Continuos Systems?
Consider the vertical motion of a particle P. Let t denote time and v(t) the vertical velocity of the
particle measured so that a positive v is directed upwards. The acceleration of P is
dv/dt = −g − kv|v|
where g is the constant (and positive) acceleration due to gravity and k is a positive constant. In this
model, the air resistance is proportional to the square of the velocity and the modulus sign ensures
that the resistance always opposes the velocity.
Use a phase-plane diagram to investigate the behaviour of P for each of the following initial conditions.
(a) v(0) = 0, (b) v(0) =sqrt(g/k) , (c) v(0) = -2*sqrt(g/k)

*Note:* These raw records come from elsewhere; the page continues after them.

(* Write a = x_q - x_p, b = d(p,q), D(p,q) for the denominator of Lambda_{p,q,r},
   M = Lambda_r(x; omega), k = m - r = j + e + 1 with j = q - p - r + 1, and
   g(v) = v^-k omega(v).  On [a, b] the hypothesis gives
   v^-j phi(v) <= v^e (int_v^b g) + v^e (int_b^d g).
   Integration by parts bounds the integral of the first term by
   int_a^b v^-j omega = D(p,q) Lambda_{p,q,r}(omega) <= D(p,q) M.
   For the second term, d(p,q) is the gap x_q' - x_p' of the pair (p',q') obtained
   by enlarging (p,q) by one index on the side realising the minimum, and every
   factor of D(p',q') is at most twice the matching factor of D(p,q), so
   d(p,q) D(p',q') <= 2^(m+p-q-1) D(p,q).  Iterating the enlargement up to (0,m),
   where d(0,m) = d, bounds (int_{d(p,q)}^d g) d(p,q)^n by 2^(n^2+1) 2^n D(p,q) M
   when n = m + p - q - 1 steps remain.  The two terms add up to
   (1 + 2^((e+1)^2+1) 2^(e+1)) D(p,q) M <= 2^((e+2)^2+1) D(p,q) M <= 2^(k^2) D(p,q) M. *)

Lemma Phi_nonneg f t : Phi f -> 0 <= t -> 0 <= f t.
Proof. intros [_ [Hmono H0]] Ht. rewrite <- H0. apply Hmono; lra. Qed.

Lemma Phi_continuous f t : Phi f -> 0 < t -> continuous f t.
Proof.
  intros [[Hc _] _] Ht. apply continuity_pt_filterlim. intros eps Heps.
  destruct (Hc t (Rlt_le _ _ Ht) eps Heps) as [delta [Hdelta Hclose]].
  exists (Rmin delta t). split; [apply Rmin_pos; lra |].
  intros y [_ Hy]. simpl in Hy. unfold R_dist in *.
  assert (Hyd : Rabs (y - t) < delta) by (eapply Rlt_le_trans; [exact Hy | apply Rmin_l]).
  assert (Hyt : Rabs (y - t) < t) by (eapply Rlt_le_trans; [exact Hy | apply Rmin_r]).
  apply Rabs_def2 in Hyt. apply Hclose; lra.
Qed.

Lemma powerRZ_opp_nat v n : powerRZ v (- Z.of_nat n) = / v ^ n.
Proof. rewrite powerRZ_neg', <- pow_powerRZ. reflexivity. Qed.

Lemma continuous_pow n t : continuous (fun v => v ^ n) t.
Proof. apply (@ex_derive_continuous R_AbsRing R_NormedModule). auto_derive. auto. Qed.

Lemma continuous_inv_pow_mul f n t : Phi f -> 0 < t -> continuous (fun v => / v ^ n * f v) t.
Proof.
  intros Hf Ht. apply (continuous_mult (fun v => / v ^ n) f); [| now apply Phi_continuous].
  apply (@ex_derive_continuous R_AbsRing R_NormedModule). auto_derive.
  apply pow_nonzero. lra.
Qed.

Lemma ex_RInt_pos (h : R -> R) a b :
  (forall t, 0 < t -> continuous h t) -> 0 < a -> 0 < b -> ex_RInt h a b.
Proof.
  intros Hc Ha Hb. apply (ex_RInt_continuous (V := R_CompleteNormedModule)). intros t Ht. apply Hc.
  assert (0 < Rmin a b) by (apply Rmin_pos; auto). lra.
Qed.

Lemma is_derive_RInt_lower (g : R -> R) b t :
  (forall z, 0 < z -> continuous g z) -> 0 < b -> 0 < t ->
  is_derive (fun u => RInt g u b) t (- g t).
Proof.
  intros Hg Hb Ht. apply (is_derive_RInt' (V := R_CompleteNormedModule) g _ t b); [| now apply Hg].
  exists (mkposreal (t / 2) ltac:(lra)). intros y Hy.
  apply (RInt_correct (V := R_CompleteNormedModule)).
  assert (Hyt : Rabs (y - t) < t / 2) by exact Hy. apply Rabs_def2 in Hyt.
  apply ex_RInt_pos; auto; lra.
Qed.

Lemma continuous_RInt_lower (g : R -> R) b t :
  (forall z, 0 < z -> continuous g z) -> 0 < b -> 0 < t ->
  continuous (fun u => RInt g u b) t.
Proof.
  intros Hg Hb Ht. apply (@ex_derive_continuous R_AbsRing R_NormedModule).
  exists (- g t). now apply is_derive_RInt_lower.
Qed.

Lemma is_derive_pow_mul_RInt_lower (g : R -> R) e b t :
  (forall z, 0 < z -> continuous g z) -> 0 < b -> 0 < t ->
  is_derive (fun u => u ^ S e * RInt g u b) t
    (INR (S e) * (t ^ e * RInt g t b) - t ^ S e * g t).
Proof.
  intros Hg Hb Ht.
  assert (Hd := is_derive_mult _ _ t _ _
    (is_derive_pow (fun v => v) (S e) t 1 (is_derive_id t))
    (is_derive_RInt_lower g b t Hg Hb Ht) Rmult_comm).
  replace (INR (S e) * (t ^ e * RInt g t b) - t ^ S e * g t) with
    (plus (mult (INR (S e) * 1 * t ^ Nat.pred (S e)) (RInt g t b)) (mult (t ^ S e) (- g t))).
  - exact Hd.
  - unfold plus, mult; simpl. ring.
Qed.

(* Integration by parts with [G u = RInt g u b]: the boundary term [- a^(e+1) G a] is
   nonpositive and the factor [e + 1] is at least 1. *)
Lemma RInt_pow_mul_RInt_lower_le (g : R -> R) e a b :
  (forall z, 0 < z -> continuous g z) -> (forall z, 0 < z -> 0 <= g z) -> 0 < a <= b ->
  RInt (fun u => u ^ e * RInt g u b) a b <= RInt (fun u => u ^ S e * g u) a b.
Proof.
  intros Hg Hg0 [Ha Hab].
  set (G := fun u => RInt g u b).
  assert (HGc : forall z, 0 < z -> continuous G z)
    by (intros; apply continuous_RInt_lower; auto; lra).
  assert (HG0 : forall u, 0 < u <= b -> 0 <= G u).
  { intros u Hu. apply RInt_ge_0; [lra | apply ex_RInt_pos; auto; lra | intros; apply Hg0; lra]. }
  assert (Hex1 : ex_RInt (fun u => u ^ e * G u) a b).
  { apply ex_RInt_pos; auto; try lra. intros z Hz.
    apply (continuous_mult (fun u => u ^ e) G); auto using continuous_pow. }
  assert (Hex2 : ex_RInt (fun u => u ^ S e * g u) a b).
  { apply ex_RInt_pos; auto; try lra. intros z Hz.
    apply (continuous_mult (fun u => u ^ S e) g); auto using continuous_pow. }
  assert (Hparts : is_RInt (fun u => INR (S e) * (u ^ e * G u) - u ^ S e * g u) a b
                     (b ^ S e * G b - a ^ S e * G a)).
  { apply (is_RInt_derive (fun u => u ^ S e * G u)); rewrite Rmin_left, Rmax_right by lra.
    - intros t Ht. apply is_derive_pow_mul_RInt_lower; auto; lra.
    - intros t Ht.
      apply (continuous_minus (fun u => INR (S e) * (u ^ e * G u)) (fun u => u ^ S e * g u)).
      + apply (continuous_mult (fun _ => INR (S e)) (fun u => u ^ e * G u)).
        * apply continuous_const.
        * apply (continuous_mult (fun u => u ^ e) G); auto using continuous_pow; apply HGc; lra.
      + apply (continuous_mult (fun u => u ^ S e) g); auto using continuous_pow; apply Hg; lra. }
  apply (is_RInt_unique (V := R_CompleteNormedModule)) in Hparts.
  rewrite (RInt_minus (fun u => INR (S e) * (u ^ e * G u)) (fun u => u ^ S e * g u)),
    (RInt_scal (fun u => u ^ e * G u)) in Hparts; auto.
  2: { apply (ex_RInt_scal (V := R_NormedModule)). exact Hex1. }
  assert (HGb : G b = 0) by apply (RInt_point (V := R_CompleteNormedModule)).
  assert (HI : 0 <= RInt (fun u => u ^ e * G u) a b).
  { apply RInt_ge_0; auto. intros u Hu. apply Rmult_le_pos; [apply pow_le; lra | apply HG0; lra]. }
  assert (Hbdry : 0 <= a ^ S e * G a) by (apply Rmult_le_pos; [apply pow_le | apply HG0]; lra).
  assert (HSe : 1 <= INR (S e)) by (apply (le_INR 1); lia).
  change (INR (S e) * RInt (fun u => u ^ e * G u) a b - RInt (fun u => u ^ S e * g u) a b
          = b ^ S e * G b - a ^ S e * G a) in Hparts.
  rewrite HGb in Hparts.
  change (RInt (fun u => u ^ e * G u) a b <= RInt (fun u => u ^ S e * g u) a b). nra.
Qed.

Lemma inv_pow_mul_bounds a c v e n w : 0 <= a <= v -> v <= c -> 0 < v -> 0 <= w ->
  a ^ n * (/ v ^ (e + n) * w) <= / v ^ e * w <= c ^ n * (/ v ^ (e + n) * w).
Proof.
  intros Hav Hvc Hv Hw.
  assert (Hsplit : / v ^ e = v ^ n * / v ^ (e + n)).
  { rewrite pow_add. field. split; apply pow_nonzero; lra. }
  assert (0 <= / v ^ (e + n) * w) by (apply Rmult_le_pos; [apply Rlt_le, Rinv_0_lt_compat, pow_lt|]; lra).
  rewrite Hsplit, Rmult_assoc. split; apply Rmult_le_compat_r; auto; apply pow_incr; lra.
Qed.

Lemma RInt_pow_le a b e : 0 <= a <= b -> RInt (fun u => u ^ e) a b <= b ^ S e.
Proof.
  intros Hab. apply Rle_trans with (RInt (fun _ => b ^ e) a b).
  - apply RInt_le; try lra.
    + apply (ex_RInt_continuous (V := R_CompleteNormedModule)). intros; apply continuous_pow.
    + apply (ex_RInt_const (V := R_NormedModule)).
    + intros u Hu. apply pow_incr. lra.
  - rewrite (RInt_const (V := R_CompleteNormedModule)).
    change (scal (b - a) (b ^ e)) with ((b - a) * b ^ e). simpl.
    assert (0 <= b ^ e) by (apply pow_le; lra). nra.
Qed.

Lemma pow2_sqr_succ_le n : 1 + 2 ^ (n * n + 1) * 2 ^ n <= 2 ^ (S n * S n + 1).
Proof.
  rewrite <- pow_add. set (N := (n * n + 1 + n)%nat).
  replace (S n * S n + 1)%nat with (S (N + n)) by (unfold N; lia).
  rewrite <- tech_pow_Rmult, pow_add.
  assert (1 <= 2 ^ N) by (apply pow_R1_Rle; lra).
  assert (1 <= 2 ^ n) by (apply pow_R1_Rle; lra). nra.
Qed.
Lemma ideal_genMl G r p : ideal_gen G p -> ideal_gen G (r * p).
Proof.
move=> [s [hs ->]]; exists [seq (r * x.1, x.2) | x <- s]; split.
  by move=> x /mapP[y /hs hy ->].
by rewrite big_map mulr_sumr; apply: eq_bigr => x _; rewrite mulrA.
Qed.

Lemma ideal_gen_mem G g : G g -> ideal_gen G g.
Proof.
move=> hg; exists [:: (1, g)]; rewrite big_seq1 mul1r.
by split=> // x; rewrite inE => /eqP ->.
Qed.

End IdealGen.

Section Monomials.
Variable N : nat.
Implicit Types (t C : {set 'I_N}) (b c : 'X_{1..N}).

Definition mnm_supp b : {set 'I_N} := [set i | (0 < b i)%N].
Definition mnm_ind t : 'X_{1..N} := (\sum_(i in t) U_(i))%MM.
Definition mweight C b : nat := \sum_(i in C) b i.

Lemma mnm_indE t j : mnm_ind t j = (j \in t).
Proof.
rewrite /mnm_ind mnm_sumE (eq_bigr (fun i => nat_of_bool (i == j))); last first.
  by move=> i _; rewrite mnm1E.
case: (boolP (j \in t)) => jt; last first.
  by rewrite big1 // => i it; case: eqP => // ij; move: jt; rewrite -ij it.
by rewrite (bigD1 j) //= eqxx big1 ?addn0 // => i /andP[_ /negbTE ->].
Qed.

Lemma mnm_supp_ind t : mnm_supp (mnm_ind t) = t.
Proof. by apply/setP=> j; rewrite inE mnm_indE; case: (j \in t). Qed.

Lemma mnm_suppD b c : mnm_supp (b + c)%MM = mnm_supp b :|: mnm_supp c.
Proof. by apply/setP=> j; rewrite !inE mnmDE addn_gt0. Qed.

Lemma mnm_supp1 i : mnm_supp U_(i) = [set i].
Proof. by apply/setP=> x; rewrite !inE mnm1E eq_sym; case: eqP. Qed.

Lemma mnm_ind_supp_le b : (mnm_ind (mnm_supp b) <= b)%MM.
Proof. by apply/mnm_lepP=> i; rewrite mnm_indE inE; case: (b i). Qed.

Lemma mnm_indU1 t v : v \notin t -> mnm_ind (v |: t) = (mnm_ind t + U_(v))%MM.
Proof.
move=> vt; apply/mnmP => i; rewrite mnmDE !mnm_indE mnm1E in_setU1.
by case: (eqVneq i v) => [->|_]; rewrite ?(negbTE vt) ?addn0.
Qed.

Lemma mweightD C b c : mweight C (b + c)%MM = (mweight C b + mweight C c)%N.
Proof. by rewrite /mweight -big_split; apply: eq_bigr => i _; rewrite mnmDE. Qed.

Lemma mweight1 C v : v \in C -> mweight C U_(v) = 1%N.
Proof.
move=> vC; rewrite /mweight (bigD1 v) //= mnm1E eqxx big1 // => i /andP[_ iv].
by rewrite mnm1E eq_sym (negbTE iv).
Qed.

Lemma leq_mweight C b i : i \in C -> (b i <= mweight C b)%N.
Proof. by move=> iC; rewrite /mweight (bigD1 i) //= leq_addr. Qed.

Lemma mweight_eq0 C b : (mweight C b == 0%N) = [forall i in C, b i == 0%N].
Proof. by rewrite /mweight sum_nat_eq0. Qed.

Lemma mweight_gt0 C b : (0 < mweight C b)%N -> exists2 v, v \in C & (0 < b v)%N.
Proof.
rewrite lt0n mweight_eq0 => /forallPn[v]; rewrite negb_imply -lt0n => /andP[].
by exists v.
Qed.

Lemma mweightU1 t z b : z \notin t ->
  mweight (z |: t) b = (\sum_(i in t) b i + b z)%N.
Proof. by move=> zt; rewrite /mweight big_setU1 //= addnC. Qed.

End Monomials.

Section MonomialIdeals.
Variables (k : fieldType) (N : nat).
Notation mpoly := {mpoly k[N]}.
Implicit Types (p q : mpoly) (t C : {set 'I_N}) (b c : 'X_{1..N}).

Lemma prodX_mnm_ind t : \prod_(i in t) ('X_i : mpoly) = 'X_[mnm_ind t].
Proof. by rewrite mprodXE. Qed.

Lemma msuppXM p b c : c \in msupp ('X_[b] * p) -> exists2 d, d \in msupp p & c = (b + d)%MM.
Proof. by rewrite mulrC (perm_mem (msuppMX _ _)) => /mapP[d hd ->]; exists d. Qed.

Lemma msuppXM_add p b d : d \in msupp p -> (b + d)%MM \in msupp ('X_[b] * p).
Proof. by rewrite mulrC !mcoeff_msupp mcoeffMX. Qed.

Lemma msuppM_add p q c : c \in msupp (p * q) ->
  exists b d, [/\ b \in msupp p, d \in msupp q & c = (b + d)%MM].
Proof. by move/msuppM_le/allpairsP=> [[b d] /= [hb hd ->]]; exists b, d. Qed.

Lemma ideal_gen_msupp (G : mpoly -> Prop) p :
  (forall b, b \in msupp p -> ideal_gen G 'X_[b]) -> ideal_gen G p.
Proof.
rewrite {2}(mpolyE p); elim: (msupp p) => [|b s ih] h.
  by rewrite big_nil; apply: ideal_gen0.
rewrite big_cons; apply: ideal_genD; last by apply: ih => c hc; apply: h; rewrite inE hc orbT.
by rewrite -mul_mpolyC; apply: ideal_genMl; apply: h; rewrite inE eqxx.
Qed.

Definition mweight_ge C m p := forall b, b \in msupp p -> (m <= mweight C b)%N.

Lemma mweight_ge0 C m : mweight_ge C m 0.
Proof. by move=> b; rewrite mcoeff_msupp raddf0 eqxx. Qed.

Lemma mweight_geD C m p q : mweight_ge C m p -> mweight_ge C m q -> mweight_ge C m (p + q).
Proof. by move=> hp hq b /msuppD_le; rewrite mem_cat => /orP[/hp|/hq]. Qed.

Lemma mweight_geB C m p q : mweight_ge C m p -> mweight_ge C m q -> mweight_ge C m (p - q).
Proof. by move=> hp hq b /msuppB_le; rewrite mem_cat => /orP[/hp|/hq]. Qed.

Lemma mweight_geM C m1 m2 p q :
  mweight_ge C m1 p -> mweight_ge C m2 q -> mweight_ge C (m1 + m2) (p * q).
Proof. by move=> hp hq c /msuppM_add [b [d [/hp hb /hq hd ->]]]; rewrite mweightD leq_add. Qed.

Lemma mweight_geMl C m r p : mweight_ge C m p -> mweight_ge C m (r * p).
Proof. by move=> hp; rewrite -[m]add0n; apply: mweight_geM => // b. Qed.

Definition mweight_part C (P : pred nat) p : mpoly :=
  \sum_(b <- msupp p | P (mweight C b)) p@_b *: 'X_[b].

For each case, describe in a few words the behaviour of the displacement, velocity and speed during
the subsequent motion of the particle. Assume that the particle is sufficiently high for the ground to
be unimportant.
(Hint: When sketching the phase plane apply the definition that |v| = v for v 0 and |v| = −v for
v < 0.)
Here I can’t draw any phase plane diagrams, but I will just describe the general physics of each scenario:
(a) the particle P is simply dropped and will accelerate under gravity g, but air resistance creates a drag force on the particle and will slow the particle’s descend. Eventually the particle will reach terminal velocity.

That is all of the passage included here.